Task statement » An identical copy of all the entries is the required result.

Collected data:
(* The centre is [A] with its [j]-coordinate taken from [B]. *)
Lemma triangle_of_pair A B E i j k : A \in F -> B \in F -> E \in F -> i != j ->
  differ B A = [set i; j] -> k \in differ E A -> k \notin [set i; j] -> E i = A i ->
  exists C, [/\ differ A C = [set j], differ B C = [set i] & differ E C = [set k]].
Proof.
move=> hA hB hE ij dBA kEA; rewrite !inE negb_or => /andP [ki kj] Ei.
have Bi : B i != A i by rewrite -in_differ dBA !inE eqxx.
have Bj : B j != A j by rewrite -in_differ dBA !inE eqxx orbT.
have Bk : B k = A k.
  by apply: (eq_off_differ (D := [set i; j])); rewrite ?dBA // !inE negb_or ki kj.
have Ej : E j = B j.
  apply/eqP; apply: contraT => EBj.
  have iEB : i \in differ E B by rewrite in_differ Ei eq_sym.
  have jEB : j \in differ E B by rewrite in_differ.
  have kEB : k \in differ E B by rewrite in_differ Bk -in_differ.
  have : 3 <= hdist E B by apply: card_ge3 iEB jEB kEB; rewrite // eq_sym.
  by move: (hF hE hB); clear; lia.
exists (set_coord A j (B j)); set C := set_coord A j (B j).
have sCA : differ C A \subset [set j] by exact: differ_set_coord_sub.
have Cj : C j = B j by exact: set_coord_at.
have Coff l : l != j -> C l = A l by exact: set_coord_out.
split; first by rewrite differC differ_set_coord.
- have BC1 : hdist B C <= 1.
    have BA2 : hdist B A = 2 by rewrite /hdist dBA cards2 ij.
    by have := hdist_shift B sCA; rewrite Cj eqxx Bj BA2; clear; lia.
  by apply: card_le1_set1 _ BC1; rewrite in_differ Coff.
- have EC1 : hdist E C <= 1.
    by have := hdist_shift E sCA; rewrite Cj Ej eqxx Bj; move: (hF hE hA); clear; lia.
  by apply: card_le1_set1 _ EC1; rewrite in_differ Coff // -in_differ.
Qed.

Response to the task »
(* The centre is [A] with its [j]-coordinate taken from [B]. *)
Lemma triangle_of_pair A B E i j k : A \in F -> B \in F -> E \in F -> i != j ->
  differ B A = [set i; j] -> k \in differ E A -> k \notin [set i; j] -> E i = A i ->
  exists C, [/\ differ A C = [set j], differ B C = [set i] & differ E C = [set k]].
Proof.
move=> hA hB hE ij dBA kEA; rewrite !inE negb_or => /andP [ki kj] Ei.
have Bi : B i != A i by rewrite -in_differ dBA !inE eqxx.
have Bj : B j != A j by rewrite -in_differ dBA !inE eqxx orbT.
have Bk : B k = A k.
  by apply: (eq_off_differ (D := [set i; j])); rewrite ?dBA // !inE negb_or ki kj.
have Ej : E j = B j.
  apply/eqP; apply: contraT => EBj.
  have iEB : i \in differ E B by rewrite in_differ Ei eq_sym.
  have jEB : j \in differ E B by rewrite in_differ.
  have kEB : k \in differ E B by rewrite in_differ Bk -in_differ.
  have : 3 <= hdist E B by apply: card_ge3 iEB jEB kEB; rewrite // eq_sym.
  by move: (hF hE hB); clear; lia.
exists (set_coord A j (B j)); set C := set_coord A j (B j).
have sCA : differ C A \subset [set j] by exact: differ_set_coord_sub.
have Cj : C j = B j by exact: set_coord_at.
have Coff l : l != j -> C l = A l by exact: set_coord_out.
split; first by rewrite differC differ_set_coord.
- have BC1 : hdist B C <= 1.
    have BA2 : hdist B A = 2 by rewrite /hdist dBA cards2 ij.
    by have := hdist_shift B sCA; rewrite Cj eqxx Bj BA2; clear; lia.
  by apply: card_le1_set1 _ BC1; rewrite in_differ Coff.
- have EC1 : hdist E C <= 1.
    by have := hdist_shift E sCA; rewrite Cj Ej eqxx Bj; move: (hF hE hA); clear; lia.
  by apply: card_le1_set1 _ EC1; rewrite in_differ Coff // -in_differ.
Qed.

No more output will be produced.